Wasn't there something called Publish/Subscribe built into MacOS that did
something like linking?


--
Steve Rindsberg, PPT MVP
PPT FAQ: www.pptfaq.com
PPTools: www.pptools.com
================================================
Featured Presenter, PowerPoint Live 2004
October 10-13, San Diego, CA www.PowerPointLive.com
================================================
 
S

Steve Rindsberg

I have a vaguely related question. I am really hoping you guys are live or
nearly so,

It's been a long, weird day and I'd describe it more as "alive, but barely so" ;-)
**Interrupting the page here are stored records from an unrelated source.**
(* Let $k\ge1$, let $\Gamma=\mathbb{Z}_2\,\mathrm{wr}\,\mathbb{Z}^k=\Sigma\rtimes_\alpha\mathbb{Z}^k$ with $\Sigma=\bigoplus_{x\in\mathbb{Z}^k}(\mathbb{Z}_2)_{(x)}$, and let $\phi:\Gamma\to\Gamma$ be an automorphism, with restriction $\phi'=\phi|_\Sigma:\Sigma\to\Sigma$. Write $\phi'(\delta_0)=\delta_{x(1)}+\dots+\delta_{x(n)}$ with distinct $x(1),\dots,x(n)\in\mathbb{Z}^k$. Then $n=1$. Moreover, $\phi'$ permutes the set $\{\delta_x : x\in\mathbb{Z}^k\}$.
   Context: $\mathbb{Z}_2\,\mathrm{wr}\,\mathbb{Z}^k$ is the semidirect product $\Sigma\rtimes_\alpha\mathbb{Z}^k$, where $\Sigma=\bigoplus_{x\in\mathbb{Z}^k}(\mathbb{Z}_2)_{(x)}$ (finitely supported), each $(\mathbb{Z}_2)_{(x)}\cong\mathbb{Z}_2$ has nontrivial element $\delta_x$, and $\alpha(y)(\delta_x)=\delta_{y+x}$ for $y\in\mathbb{Z}^k$. The subgroup $\Sigma$ is the torsion subgroup of $\Gamma$, hence characteristic, so $\phi(\Sigma)=\Sigma$. *)

From HB Require Import structures.
From mathcomp Require Import all_boot all_order all_algebra.
From mathcomp Require Import finmap.
Set Implicit Arguments. Unset Strict Implicit. Unset Printing Implicit Defensive.
Import GRing.Theory.
Local Open Scope ring_scope.
Local Open Scope fset_scope.

Definition Zk (k : nat) := 'rV[int]_k.

(* Sigma = (+)_{x in Z^k} Z_2, an element being identified with its (finite)
   support; group law = symmetric difference.  delta_x = [fset x]. *)
Definition Sigma (k : nat) := {fset Zk k}.

Definition symd (k : nat) (S T : Sigma k) : Sigma k := (S `\` T) `|` (T `\` S).

Definition alpha (k : nat) (y : Zk k) (S : Sigma k) : Sigma k :=
  [fset ((y + x)%R : Zk k) | x in S].

Definition Gamma (k : nat) := (Sigma k * Zk k)%type.

Definition gmul (k : nat) (g h : Gamma k) : Gamma k :=
  (symd g.1 (alpha g.2 h.1), (g.2 + h.2)%R).

Definition delta (k : nat) (x : Zk k) : Gamma k := ([fset x], 0%R).

Definition is_automorphism (k : nat) (phi : Gamma k -> Gamma k) : Prop :=
  bijective phi /\ forall g h : Gamma k, phi (gmul g h) = gmul (phi g) (phi h).

From HB Require Import structures.
From mathcomp Require Import all_boot all_order all_algebra.
From mathcomp Require Import finmap.
Set Implicit Arguments. Unset Strict Implicit. Unset Printing Implicit Defensive.
Import Order.TTheory GRing.Theory Num.Theory.
Local Open Scope ring_scope.

(* Sigma is exactly the set of elements of order at most 2 of Gamma, so phi
   maps Sigma to itself, and conjugating delta_0 by (0, x) gives
   phi(delta_x) = shift(x) + Q, where Q = phi'(delta_0) and shift is an
   injective additive map of Z^k.  If S is the preimage of delta_0, the mod 2
   sum of the translates shift(x) + Q, x in S, is therefore the single point 0.
   Take an additive G : Z^k -> Z injective on shift(S) and on Q, namely
   G(v) = sum_i v_i c^i for an integer c avoiding finitely many polynomial
   roots.  The sum of the G-maximal points of shift(S) and of Q has a unique
   representation, so it is 0; likewise for the G-minimal points.  Comparing the two sums gives
   max_Q G = min_Q G, so Q is a single point. *)

Section Sigma.
Variable k : nat.
Implicit Types (S T : Sigma k) (x y z : Zk k).

Lemma in_symd S T z : (z \in symd S T) = (z \in S) (+) (z \in T).
Proof. by rewrite /symd in_fsetU !in_fsetD; case: (z \in S); case: (z \in T). Qed.

Lemma in_alpha y S z : (z \in alpha y S) = (- y + z \in S).
Proof.
apply/imfsetP/idP => [[x /= xS ->]|h]; first by rewrite addKr.
by exists (- y + z) => //; rewrite addNKr.
Qed.

Lemma symd0 S : symd S fset0 = S.
Proof. by apply/fsetP => z; rewrite in_symd in_fset0 addbF. Qed.

Lemma sym0d S : symd fset0 S = S.
Proof. by apply/fsetP => z; rewrite in_symd in_fset0. Qed.

Lemma symdd S : symd S S = fset0.
Proof. by apply/fsetP => z; rewrite in_symd in_fset0 addbb. Qed.

Lemma symdA S T (U : Sigma k) : symd S (symd T U) = symd (symd S T) U.
Proof. by apply/fsetP => z; rewrite !in_symd addbA. Qed.

Lemma symdC S T : symd S T = symd T S.
Proof. by apply/fsetP => z; rewrite !in_symd addbC. Qed.

Lemma symd_fset1 x S : x \notin S -> symd [fset x]%fset S = (x |` S)%fset.
Proof.
move=> xS; apply/fsetP => z; rewrite in_symd in_fset1U in_fset1.
by case: eqVneq => [->|]; rewrite ?(negbTE xS).
Qed.

Lemma alpha0 S : alpha 0 S = S.
Proof. by apply/fsetP => z; rewrite in_alpha oppr0 add0r. Qed.

Lemma alpha_fset0 y : alpha y fset0 = fset0.
Proof. by apply/fsetP => z; rewrite in_alpha !in_fset0. Qed.

Lemma alpha_fset1 y x : alpha y [fset x]%fset = [fset (y + x)%R]%fset.
Proof.
apply/fsetP => z; rewrite in_alpha !in_fset1.
by apply/eqP/eqP => [<-|->]; rewrite ?addNKr ?addKr.
Qed.

End Sigma.

Lemma double_mx_eq0 (R : numDomainType) m n (A : 'M[R]_(m, n)) :
  A + A = 0 -> A = 0.
Proof.
move=> /matrixP AA; apply/matrixP => i j; move: (AA i j); rewrite !mxE.
by move/eqP; rewrite -mulr2n mulrn_eq0 => /eqP.
Qed.

Section Gamma.
Variable k : nat.
Implicit Types (S T : Sigma k) (x y : Zk k) (g : Gamma k).

Definition gunit : Gamma k := (fset0, 0).

Lemma gmulE S x T y : gmul (S, x) (T, y) = (symd S (alpha x T), x + y).
Proof. by []. Qed.

Lemma gmul_idem g : gmul g g = g -> g = gunit.
Proof.
case: g => S x; rewrite gmulE => -[SS xx].
have x0 : x = 0 by apply: (addrI x); rewrite xx addr0.
by move: SS; rewrite x0 alpha0 symdd => <-.
Qed.

Lemma sigma_sqr S : gmul (S, 0) (S, 0) = gunit.
Proof. by rewrite gmulE alpha0 symdd addr0. Qed.

Lemma sqr_gunit_sigma g : gmul g g = gunit -> g.2 = 0.
Proof. by case: g => S x; rewrite gmulE => -[_ /double_mx_eq0]. Qed.

End Gamma.

Lemma exists_argmax (T : eqType) d (O : orderType d) (F : T -> O)
    (s : seq T) x0 :
  x0 \in s -> exists2 x, x \in s & {in s, forall y, (F y <= F x)%O}.
Proof.
elim: s x0 => [//|x s IH] x0 _; case: s IH => [|y s] IH.
  by exists x; rewrite ?mem_head // => z; rewrite inE => /eqP->.
have [m ms maxm] := IH y (mem_head _ _); case: (leP (F m) (F x)) => [mx|xm].
  exists x; first exact: mem_head.
  by move=> z; rewrite inE => /predU1P[->//|/maxm/le_trans]; apply.
exists m; first by rewrite inE ms orbT.
by move=> z; rewrite inE => /predU1P[->|/maxm//]; apply: ltW.
Qed.

Section Translates.
Variables (V : zmodType) (R : realDomainType).
Implicit Types (A Q : {fset V}) (G : V -> R).

(* [odd (nreps A Q z)] says that z lies in the mod 2 sum of the translates
   x + Q, x in A. *)
Definition nreps A Q (z : V) : nat := \sum_(x <- A) ((z - x)%R \in Q).

Lemma extremal_sum_unique G A Q xM qM x :
  {morph G : u v / u + v} -> {in A &, injective G} ->
  {in A, forall y, G y <= G xM} -> {in Q, forall q, G q <= G qM} ->
  xM \in A -> x \in A -> xM + qM - x \in Q -> x = xM.
Proof.
move=> GD Ginj maxA maxQ xMA xA qQ; apply: Ginj => //; apply/eqP.
rewrite eq_le maxA //= -(lerD2r (G qM)) -GD -[xM + qM](subrK x) GD.
by rewrite addrC lerD2l maxQ.
Qed.

Lemma nreps_extremal G A Q xM qM :
  {morph G : u v / u + v} -> {in A &, injective G} ->
  {in A, forall y, G y <= G xM} -> {in Q, forall q, G q <= G qM} ->
  xM \in A -> qM \in Q -> nreps A Q (xM + qM) = 1%N.
Proof.
move=> GD Ginj maxA maxQ xMA qMQ.
rewrite /nreps (big_fsetD1 xM) //= addrAC subrr add0r qMQ.
rewrite big1_fset // => x /fsetD1P[xxM xA] _.
apply/eqP; rewrite eqb0; apply/negP => qQ.
by move/eqP: xxM; apply; apply: (extremal_sum_unique GD Ginj maxA maxQ).
Qed.

Lemma odd_nreps_fset1 G A Q (z0 : V) :
  {morph G : u v / u + v} -> {in A &, injective G} -> {in Q &, injective G} ->
  (forall z, odd (nreps A Q z) = (z == z0)) -> exists q, Q = [fset q]%fset.
Proof.
move=> GD GinjA GinjQ reps.
have [x0 x0A q0Q] : exists2 x0, x0 \in A & z0 - x0 \in Q.
  have : nreps A Q z0 != 0%N.
    by apply/eqP => n0; move: (reps z0); rewrite n0 eqxx.
  rewrite /nreps sum_nat_seq_eq0 => /allPn[x xA].
  by rewrite eqb0 negbK; exists x.
have max_sum G' xM qM : {morph G' : u v / u + v} -> {in A &, injective G'} ->
    xM \in A -> {in A, forall y, G' y <= G' xM} ->
    qM \in Q -> {in Q, forall q, G' q <= G' qM} -> xM + qM = z0.
  move=> G'D G'inj xMA maxA qMQ maxQ; apply/eqP.
  by rewrite -reps (nreps_extremal G'D G'inj maxA maxQ).
have NGD : {morph (fun v => - G v) : u v / u + v}.
  by move=> u v /=; rewrite GD opprD.
have NGinj : {in A &, injective (fun v => - G v)}.
  by move=> u v uA vA /oppr_inj; apply: GinjA.
have [xM xMA maxA] := exists_argmax G x0A.
have [qM qMQ maxQ] := exists_argmax G q0Q.
have [xm xmA minA] := exists_argmax (fun v => - G v) x0A.
have [qm qmQ minQ] := exists_argmax (fun v => - G v) q0Q.
have sumE : G xM + G qM = G xm + G qm.
  by rewrite -!GD (max_sum _ _ _ GD GinjA) ?(max_sum _ _ _ NGD NGinj).
have qMm : G qM <= G qm.
  by rewrite -(lerD2l (G xM)) sumE lerD2r -lerN2 minA.
exists qM; apply/fsetP => q; rewrite in_fset1; apply/idP/eqP => [qQ|->//].
apply: GinjQ => //; apply/eqP; rewrite eq_le maxQ //=.
by apply: le_trans qMm _; rewrite -lerN2 minQ.
Qed.

End Translates.

Lemma exists_nonroot (R : numDomainType) (p : {poly R}) :
  p != 0 -> exists c, ~~ root p c.
Proof.
move=> p0; pose cs := [seq i%:R : R | i <- iota 0 (size p)].
have : ~~ all (root p) cs.
  apply/negP => roots; suff /(max_poly_roots p0 roots) : uniq cs.
    by rewrite size_map size_iota ltnn.
  by rewrite map_inj_uniq ?iota_uniq // => m n /eqP; rewrite eqr_nat => /eqP.
by case/allPn => c _ nroot; exists c.
Qed.

Section Separation.
Variables (R : numDomainType) (k : nat).
Implicit Types (u v : 'rV[R]_k).

Definition rpoly v : {poly R} := \sum_(i < k) v 0 i *: 'X^i.

Lemma rpolyD u v : rpoly (u + v) = rpoly u + rpoly v.
Proof. by rewrite -big_split; apply: eq_bigr => i _; rewrite mxE scalerDl. Qed.

Lemma coef_rpoly v (i : 'I_k) : (rpoly v)`_i = v 0 i.
Proof.
rewrite coef_sum (bigD1 i) //= coefZ coefXn eqxx mulr1 big1 ?addr0 // => j ji.
by rewrite coefZ coefXn eq_sym val_eqE (negbTE ji) mulr0.
Qed.

Lemma rpoly_inj : injective rpoly.
Proof.
move=> u v /polyP uv; apply/matrixP => i j.
by rewrite [i]ord1 -!coef_rpoly uv.
Qed.

Lemma exists_separating (D : seq 'rV[R]_k) :
  exists c, {in D &, injective (fun v => (rpoly v).[c])}.
Proof.
pose P := \prod_(u <- D) \prod_(v <- D | u != v) (rpoly u - rpoly v).
have P0 : P != 0.
  rewrite prodf_seq_neq0; apply/allP => u _; rewrite prodf_seq_neq0.
  apply/allP => v _; apply/implyP => uv.
  by rewrite subr_eq0; apply: contra uv => /eqP/rpoly_inj->.
have [c Pc] := exists_nonroot P0; exists c => u v uD vD /= uvc.
apply/eqP; move: Pc; apply: contraNT => uv.
rewrite rootE horner_prod prodf_seq_eq0; apply/hasP; exists u => //=.
rewrite horner_prod prodf_seq_eq0; apply/hasP; exists v => //.
by rewrite uv hornerD hornerN uvc subrr eqxx.
Qed.

End Separation.

Section Automorphism.
Variables (k : nat) (phi : Gamma k -> Gamma k).
Hypothesis phiM : {morph phi : g h / gmul g h}.
Hypothesis phi_inj : injective phi.
Implicit Types (S : Sigma k) (x y z : Zk k).

Lemma phi_gunit : phi (gunit k) = gunit k.
Proof. by apply: gmul_idem; rewrite -phiM /gunit gmulE alpha_fset0 symd0 addr0. Qed.

Lemma phi_sigma S : phi (S, 0) = ((phi (S, 0)).1, 0).
Proof.
have : (phi (S, 0)).2 = 0.
  by apply: sqr_gunit_sigma; rewrite -phiM sigma_sqr phi_gunit.
by case: (phi _) => T y /= ->.
Qed.

Definition shift x : Zk k := (phi (fset0, x)).2.

Definition supp0 : Sigma k := (phi (delta 0)).1.

Lemma shiftD : {morph shift : x y / x + y}.
Proof.
move=> x y; rewrite /shift -[in LHS](symd0 fset0).
by rewrite -[fset0 in symd _ fset0](alpha_fset0 x) -gmulE phiM.
Qed.

Lemma shift_inj : injective shift.
Proof.
have shift_eq0 x : shift x = 0 -> x = 0.
  move=> sx0; have : phi (gmul (fset0, x) (fset0, x)) = phi (gunit k).
    rewrite phiM phi_gunit; case E: (phi _) => [S y].
    by move: sx0; rewrite /shift E /= => ->; rewrite sigma_sqr.
  by move/phi_inj/sqr_gunit_sigma.
move=> x y sxy; apply/eqP; rewrite -subr_eq0; apply/eqP/shift_eq0.
by apply: (addIr (shift y)); rewrite -shiftD subrK sxy add0r.
Qed.

Lemma phi_delta x : phi (delta x) = (alpha (shift x) supp0, 0).
Proof.
have -> : delta x = gmul (gmul (fset0, x) (delta 0)) (fset0, - x).
  by rewrite /delta !gmulE sym0d alpha_fset1 alpha_fset0 symd0 !addr0 subrr.
have : phi (gmul (fset0, x) (fset0, - x)) = gunit k.
  by rewrite gmulE alpha_fset0 symd0 subrr phi_gunit.
rewrite !phiM (phi_sigma [fset 0]%fset) -/(delta 0) -/supp0 /shift.
case: (phi (fset0, x)) => S a; case: (phi (fset0, - x)) => T b /=.
rewrite !gmulE => -[ST ab] /=; rewrite addr0 ab; congr (_, _).
have -> : alpha a T = S by rewrite -[alpha a T]sym0d -ST -symdA symdd symd0.
by rewrite symdC symdA symdd sym0d.
Qed.

Lemma in_phi_sigma S z :
  (z \in (phi (S, 0)).1) = odd (nreps (shift @` S)%fset supp0 z).
Proof.
elim/fset1U_rect: S => [|x S xS IH].
  by rewrite -[(fset0, 0)]/(gunit k) phi_gunit imfset0 /nreps big_nil.
have -> : ((x |` S)%fset, 0) = gmul (delta x) (S, 0) :> Gamma k.
  by rewrite gmulE alpha0 addr0 symd_fset1.
rewrite phiM phi_delta phi_sigma gmulE alpha0 in_symd in_alpha IH imfsetU1.
rewrite /nreps big_fsetU1 ?mem_imfset ?oddD ?oddb ?(addrC z) //.
exact: shift_inj.
Qed.

End Automorphism.

Section MainResult.
Variables (k : nat) (phi : Gamma k -> Gamma k).
Hypothesis phi_aut : is_automorphism phi.

Lemma supp0_fset1 : exists q, supp0 phi = [fset q]%fset.
Proof.
case: phi_aut => -[psi phiK psiK] phiM; have phi_inj := can_inj phiK.
pose S := (psi (delta 0)).1.
have psi_delta0 : psi (delta 0) = (S, 0).
  have : (psi (delta 0)).2 = 0.
    apply: sqr_gunit_sigma; apply: phi_inj.
    by rewrite phiM psiK phi_gunit // sigma_sqr.
  by rewrite /S; case: (psi _) => T y /= ->.
have reps z : odd (nreps (shift phi @` S)%fset (supp0 phi) z) = (z == 0).
  by rewrite -in_phi_sigma // -psi_delta0 psiK in_fset1.
have [c sep] := exists_separating ((shift phi @` S)%fset ++ supp0 phi).
apply: (odd_nreps_fset1 (G := fun v => (rpoly v).[c])) reps.
- by move=> u v /=; rewrite rpolyD hornerD.
- by apply: sub_in2 sep => v vA; rewrite mem_cat vA.
- by apply: sub_in2 sep => v vQ; rewrite mem_cat vQ orbT.
Qed.

Lemma phi_delta_delta x : exists y, phi (delta x) = delta y.
Proof.
case: phi_aut => -[psi phiK _] phiM; have [q supp0E] := supp0_fset1.
exists (shift phi x + q).
by rewrite (phi_delta phiM) supp0E alpha_fset1.
Qed.

End MainResult.

Lemma automorphism_inv k (phi psi : Gamma k -> Gamma k) :
  is_automorphism phi -> cancel phi psi -> cancel psi phi -> is_automorphism psi.
Proof.
move=> [_ phiM] phiK psiK; split; first by exists phi.
by move=> g h; apply: (can_inj phiK); rewrite phiM !psiK.
Qed.

Local Open Scope fset_scope.

Theorem lemma2p1 (k : nat) (hk : (0 < k)%N) (phi : Gamma k -> Gamma k)
  (hphi : is_automorphism phi) :
  (* phi'(delta_0) = delta_{x(1)} + ... + delta_{x(n)} lies in Sigma and n = 1 *)
  (exists S : Sigma k, phi (delta 0%R) = (S, 0%R) /\ #|` S| = 1%N) /\
  (* phi' permutes {delta_x : x in Z^k} *)
  (forall x : Zk k, exists y : Zk k, phi (delta x) = delta y) /\
  (forall y : Zk k, exists x : Zk k, phi (delta x) = delta y).
Proof.
(* The argument does not need [hk]. *)
have [[psi phiK psiK] phiM] := hphi.
split; [|split].
- have [q supp0E] := supp0_fset1 hphi.
  exists (supp0 phi); split; last by rewrite supp0E cardfs1.
  exact: phi_sigma phiM [fset 0].
- exact: phi_delta_delta.
- move=> y; have psi_aut := automorphism_inv hphi phiK psiK.
  have [x psi_y] := phi_delta_delta psi_aut y.
  by exists x; rewrite -psi_y psiK.
Qed.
I don't have a good answer for you, but I'd bet the folks in the Excel newsgroups on
this same msnews.microsoft.com server will (but I'd head for the Windows side;
you've landed among Mac users.)
I link eight separate Excel workbooks (orig created in Excel 97) to a
single Consolidated workbook (also E '97). I have worked with these in
Excel 02 on XP operating system. This could be the problem, but when I
switch back over to '97, the same thing is occurring.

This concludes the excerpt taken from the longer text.